• _Exercise_: Every line from the beginning of the data through the line containing "From HB Require Import structures." should be reproduced exactly, and no further lines should be output.

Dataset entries
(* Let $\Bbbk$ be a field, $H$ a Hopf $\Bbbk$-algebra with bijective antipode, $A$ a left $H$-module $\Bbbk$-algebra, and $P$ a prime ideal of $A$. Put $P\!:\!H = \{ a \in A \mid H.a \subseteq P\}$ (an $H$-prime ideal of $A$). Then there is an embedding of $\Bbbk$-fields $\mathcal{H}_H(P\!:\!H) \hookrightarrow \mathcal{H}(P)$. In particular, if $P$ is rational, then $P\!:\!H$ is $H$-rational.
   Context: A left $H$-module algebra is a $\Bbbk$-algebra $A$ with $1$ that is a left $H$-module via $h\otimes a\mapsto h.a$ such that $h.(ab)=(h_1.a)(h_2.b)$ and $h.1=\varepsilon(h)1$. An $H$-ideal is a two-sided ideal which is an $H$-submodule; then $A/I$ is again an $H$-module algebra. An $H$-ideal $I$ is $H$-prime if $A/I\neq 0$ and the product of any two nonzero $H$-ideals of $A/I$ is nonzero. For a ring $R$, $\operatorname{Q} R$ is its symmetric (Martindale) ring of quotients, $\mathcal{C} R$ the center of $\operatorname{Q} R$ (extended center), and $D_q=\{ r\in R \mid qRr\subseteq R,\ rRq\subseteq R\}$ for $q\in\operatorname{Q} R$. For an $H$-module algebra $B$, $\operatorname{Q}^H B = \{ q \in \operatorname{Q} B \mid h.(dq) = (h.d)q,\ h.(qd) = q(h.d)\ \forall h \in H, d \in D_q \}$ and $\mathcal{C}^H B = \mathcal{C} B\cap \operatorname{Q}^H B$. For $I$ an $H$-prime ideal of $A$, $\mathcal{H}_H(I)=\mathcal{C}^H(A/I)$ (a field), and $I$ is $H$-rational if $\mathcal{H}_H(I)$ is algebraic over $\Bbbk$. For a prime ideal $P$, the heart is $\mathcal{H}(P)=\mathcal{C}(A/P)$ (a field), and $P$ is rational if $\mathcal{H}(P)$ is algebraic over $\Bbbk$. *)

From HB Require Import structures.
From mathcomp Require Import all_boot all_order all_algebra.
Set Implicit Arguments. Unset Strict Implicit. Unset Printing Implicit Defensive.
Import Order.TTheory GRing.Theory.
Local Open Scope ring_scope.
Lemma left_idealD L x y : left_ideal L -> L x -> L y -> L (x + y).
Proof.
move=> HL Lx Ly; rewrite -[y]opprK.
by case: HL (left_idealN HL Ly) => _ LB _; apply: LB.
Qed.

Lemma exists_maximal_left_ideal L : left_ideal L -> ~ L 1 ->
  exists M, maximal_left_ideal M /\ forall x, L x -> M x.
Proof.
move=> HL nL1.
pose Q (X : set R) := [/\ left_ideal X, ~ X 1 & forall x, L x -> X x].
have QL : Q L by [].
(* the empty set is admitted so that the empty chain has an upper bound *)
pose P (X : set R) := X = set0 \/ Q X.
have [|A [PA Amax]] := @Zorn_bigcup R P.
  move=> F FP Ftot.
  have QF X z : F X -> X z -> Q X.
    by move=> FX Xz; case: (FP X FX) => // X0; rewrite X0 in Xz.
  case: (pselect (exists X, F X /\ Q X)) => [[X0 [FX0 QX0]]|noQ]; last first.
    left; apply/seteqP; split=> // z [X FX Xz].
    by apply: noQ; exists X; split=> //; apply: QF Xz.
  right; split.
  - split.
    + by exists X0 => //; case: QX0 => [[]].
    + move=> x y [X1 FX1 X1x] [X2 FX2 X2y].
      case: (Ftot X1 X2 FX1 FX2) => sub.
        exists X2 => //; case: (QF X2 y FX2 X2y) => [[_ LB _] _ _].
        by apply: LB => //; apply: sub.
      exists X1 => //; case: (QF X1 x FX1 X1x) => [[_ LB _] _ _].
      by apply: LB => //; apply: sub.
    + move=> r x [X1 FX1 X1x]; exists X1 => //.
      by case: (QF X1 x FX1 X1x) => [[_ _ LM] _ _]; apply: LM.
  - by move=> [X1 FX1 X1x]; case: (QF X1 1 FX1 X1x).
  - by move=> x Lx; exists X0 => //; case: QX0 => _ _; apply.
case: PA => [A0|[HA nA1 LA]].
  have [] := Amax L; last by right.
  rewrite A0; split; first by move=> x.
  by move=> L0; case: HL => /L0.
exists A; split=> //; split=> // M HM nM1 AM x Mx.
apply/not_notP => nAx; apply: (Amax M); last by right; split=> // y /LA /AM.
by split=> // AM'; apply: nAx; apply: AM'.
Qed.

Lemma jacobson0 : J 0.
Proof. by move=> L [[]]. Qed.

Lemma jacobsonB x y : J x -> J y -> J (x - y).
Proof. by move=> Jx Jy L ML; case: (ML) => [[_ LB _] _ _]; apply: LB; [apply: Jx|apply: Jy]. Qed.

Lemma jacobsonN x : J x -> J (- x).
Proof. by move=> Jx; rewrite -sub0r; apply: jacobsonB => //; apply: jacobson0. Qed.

• _Response area_:
(* Let $\Bbbk$ be a field, $H$ a Hopf $\Bbbk$-algebra with bijective antipode, $A$ a left $H$-module $\Bbbk$-algebra, and $P$ a prime ideal of $A$. Put $P\!:\!H = \{ a \in A \mid H.a \subseteq P\}$ (an $H$-prime ideal of $A$). Then there is an embedding of $\Bbbk$-fields $\mathcal{H}_H(P\!:\!H) \hookrightarrow \mathcal{H}(P)$. In particular, if $P$ is rational, then $P\!:\!H$ is $H$-rational.
   Context: A left $H$-module algebra is a $\Bbbk$-algebra $A$ with $1$ that is a left $H$-module via $h\otimes a\mapsto h.a$ such that $h.(ab)=(h_1.a)(h_2.b)$ and $h.1=\varepsilon(h)1$. An $H$-ideal is a two-sided ideal which is an $H$-submodule; then $A/I$ is again an $H$-module algebra. An $H$-ideal $I$ is $H$-prime if $A/I\neq 0$ and the product of any two nonzero $H$-ideals of $A/I$ is nonzero. For a ring $R$, $\operatorname{Q} R$ is its symmetric (Martindale) ring of quotients, $\mathcal{C} R$ the center of $\operatorname{Q} R$ (extended center), and $D_q=\{ r\in R \mid qRr\subseteq R,\ rRq\subseteq R\}$ for $q\in\operatorname{Q} R$. For an $H$-module algebra $B$, $\operatorname{Q}^H B = \{ q \in \operatorname{Q} B \mid h.(dq) = (h.d)q,\ h.(qd) = q(h.d)\ \forall h \in H, d \in D_q \}$ and $\mathcal{C}^H B = \mathcal{C} B\cap \operatorname{Q}^H B$. For $I$ an $H$-prime ideal of $A$, $\mathcal{H}_H(I)=\mathcal{C}^H(A/I)$ (a field), and $I$ is $H$-rational if $\mathcal{H}_H(I)$ is algebraic over $\Bbbk$. For a prime ideal $P$, the heart is $\mathcal{H}(P)=\mathcal{C}(A/P)$ (a field), and $P$ is rational if $\mathcal{H}(P)$ is algebraic over $\Bbbk$. *)

From HB Require Import structures.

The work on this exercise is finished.